Your assignment:
Using the material below, return exactly the lines between the one holding "End ClassDynamics." and the one holding "Section CycleConjugacy.", inclusive, and no others.

Records shown:
Lemma first_return_divides a L m :
  first_return f E a L -> E (Nat.iter m f a) a -> (m mod L = 0)%nat.
Proof.
  intros HL Hm. pose proof HL as [HL1 [HL2 _]].
  apply (first_return_inj a L (m mod L) 0 HL); [apply Nat.mod_upper_bound; lia|lia|].
  eapply (ie_trans HE); [apply (ie_sym HE), rel_iter_mod, HL2|exact Hm].
Qed.

End ClassDynamics.

(* Given shadowing points for the cycles of classes, choose one class on each cycle
   and one shadowing point per chosen class; the class reached after r steps along the
   cycle is sent to the r-th iterate of that point. *)
Section CycleConjugacy.

Context {X : Type} {f : X -> X} {E : X -> X -> Prop} (HE : invariant_equivalence f E).
Variable near : X -> X -> Prop.
Hypothesis recurrent : forall y, exists L, (1 <= L)%nat /\ E (Nat.iter L f y) y.
Hypothesis cycles_shadowed : forall a L, first_return f E a L ->
  exists p, Nat.iter L f p = p /\ forall i, (i < L)%nat -> near (Nat.iter i f a) (Nat.iter i f p).

Definition in_class_orbit (y z : X) : Prop := exists n, E z (Nat.iter n f y).

Lemma in_class_orbit_rel y y' : E y y' -> in_class_orbit y = in_class_orbit y'.
Proof.
  intro H. apply functional_extensionality; intro z. apply propositional_extensionality.
  split; intros [n Hn]; exists n; (eapply (ie_trans HE); [exact Hn|]);
    apply (rel_iter HE); auto; now apply (ie_sym HE).
Qed.

Lemma in_class_orbit_map y : in_class_orbit (f y) = in_class_orbit y.
Proof.
  apply functional_extensionality; intro z. apply propositional_extensionality.
  split; intros [n Hn].
  - exists (S n). now rewrite Nat.iter_succ_r.
  - destruct (recurrent y) as [L [HL HLy]]. exists (n + L - 1)%nat.
    rewrite <- Nat.iter_succ_r. replace (S (n + L - 1)) with (n + L)%nat by lia.
    rewrite Nat.iter_add. eapply (ie_trans HE); [exact Hn|]. apply (ie_sym HE), (rel_iter HE), HLy.
Qed.

Definition cycle_rep (y : X) : X := epsilon (inhabits y) (in_class_orbit y).

Lemma cycle_rep_rel y y' : E y y' -> cycle_rep y = cycle_rep y'.
Proof.
  intro H. unfold cycle_rep. rewrite (in_class_orbit_rel y y' H).
  apply epsilon_inh_irrelevance. exists y', 0%nat. apply (ie_refl HE).
Qed.

Lemma cycle_rep_map y : cycle_rep (f y) = cycle_rep y.
Proof.
  unfold cycle_rep. rewrite in_class_orbit_map.
  apply epsilon_inh_irrelevance. exists y, 0%nat. apply (ie_refl HE).
Qed.

Lemma cycle_rep_reaches y : exists k, E y (Nat.iter k f (cycle_rep y)).
Proof.
  assert (Hrep : in_class_orbit y (cycle_rep y)).
  { unfold cycle_rep. apply epsilon_spec. exists y, 0%nat. apply (ie_refl HE). }
  destruct Hrep as [n Hn]. destruct (recurrent y) as [L [HL HLy]].
  exists (L * n - n)%nat. apply (ie_sym HE). eapply (ie_trans HE); [apply (rel_iter HE), Hn|].
  rewrite <- Nat.iter_add. replace (L * n - n + n)%nat with (L * n)%nat by nia.
  now apply (rel_iter_mul HE).
Qed.

Definition cycle_length (a : X) : nat := epsilon (inhabits 0%nat) (first_return f E a).

Lemma cycle_length_spec a : first_return f E a (cycle_length a).
Proof. unfold cycle_length. apply epsilon_spec, first_return_exists, recurrent. Qed.

Definition cycle_point (a : X) : X :=
  epsilon (inhabits a) (fun p => Nat.iter (cycle_length a) f p = p /\
    forall i, (i < cycle_length a)%nat -> near (Nat.iter i f a) (Nat.iter i f p)).

Lemma cycle_point_spec a : Nat.iter (cycle_length a) f (cycle_point a) = cycle_point a /\
  forall i, (i < cycle_length a)%nat -> near (Nat.iter i f a) (Nat.iter i f (cycle_point a)).
Proof. unfold cycle_point. apply epsilon_spec, cycles_shadowed, cycle_length_spec. Qed.

Definition phase (y : X) : nat :=
  epsilon (inhabits 0%nat) (fun r => (r < cycle_length (cycle_rep y))%nat /\
                                     E y (Nat.iter r f (cycle_rep y))).

Lemma phase_spec y : (phase y < cycle_length (cycle_rep y))%nat /\
  E y (Nat.iter (phase y) f (cycle_rep y)).
Proof.
  unfold phase. apply epsilon_spec. destruct (cycle_rep_reaches y) as [k Hk].
  pose proof (cycle_length_spec (cycle_rep y)) as [HL1 [HL2 _]].
  exists (k mod cycle_length (cycle_rep y)). split; [apply Nat.mod_upper_bound; lia|].
  eapply (ie_trans HE); [exact Hk|]. now apply (rel_iter_mod HE).
Qed.

Lemma phase_unique y r : (r < cycle_length (cycle_rep y))%nat ->
  E y (Nat.iter r f (cycle_rep y)) -> phase y = r.
Proof.
  intros Hr Hy. destruct (phase_spec y) as [Hp1 Hp2].
  apply (first_return_inj HE _ _ _ _ (cycle_length_spec _) Hp1 Hr).
  eapply (ie_trans HE); [apply (ie_sym HE), Hp2|exact Hy].
Qed.

Definition class_conjugacy (y : X) : X := Nat.iter (phase y) f (cycle_point (cycle_rep y)).

Lemma class_conjugacy_rel y y' : E y y' -> class_conjugacy y = class_conjugacy y'.
Proof.
  intro H. unfold class_conjugacy. rewrite (cycle_rep_rel y y' H). f_equal.
  destruct (phase_spec y) as [H1 H2]. rewrite (cycle_rep_rel y y' H) in H1, H2.
  symmetry. apply phase_unique; auto. eapply (ie_trans HE); [apply (ie_sym HE), H|exact H2].
Qed.

(* The phase of f y is phase y + 1, except at the end of the cycle where it wraps to 0
   and the periodicity of the cycle point takes over. *)
Lemma class_conjugacy_map y : class_conjugacy (f y) = f (class_conjugacy y).
Proof.
  unfold class_conjugacy. rewrite cycle_rep_map. destruct (phase_spec y) as [H1 H2].
  pose proof (cycle_length_spec (cycle_rep y)) as [HL1 [HL2 _]].
  assert (Hfy : E (f y) (Nat.iter (S (phase y)) f (cycle_rep y))) by (now apply (ie_map HE)).
  destruct (Nat.eq_dec (S (phase y)) (cycle_length (cycle_rep y))) as [Hend|Hmid].
  - assert (Hph : phase (f y) = 0%nat).
    { apply phase_unique; rewrite cycle_rep_map; [lia|].
      eapply (ie_trans HE); [exact Hfy|]. now rewrite Hend. }
    rewrite Hph, <- Nat.iter_succ, Hend. symmetry. apply cycle_point_spec.
  - assert (Hph : phase (f y) = S (phase y)).
    { apply phase_unique; rewrite cycle_rep_map; [lia|exact Hfy]. }
    now rewrite Hph.
Qed.

Lemma class_conjugacy_shadow y : exists z, E y z /\ near z (class_conjugacy y).
Proof.
  destruct (phase_spec y) as [H1 H2]. exists (Nat.iter (phase y) f (cycle_rep y)).
  split; auto. now apply cycle_point_spec.
Qed.

Lemma class_cycle_conjugacy : exists h : X -> X,
  (forall y y', E y y' -> h y = h y') /\ (forall y, h (f y) = f (h y)) /\
  (forall y, exists z, E y z /\ near z (h y)).
Proof.
  exists class_conjugacy.
  split; [exact class_conjugacy_rel|].
  split; [exact class_conjugacy_map|exact class_conjugacy_shadow].
Qed.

Solved exercise:
End ClassDynamics.

(* Given shadowing points for the cycles of classes, choose one class on each cycle
   and one shadowing point per chosen class; the class reached after r steps along the
   cycle is sent to the r-th iterate of that point. *)
Section CycleConjugacy.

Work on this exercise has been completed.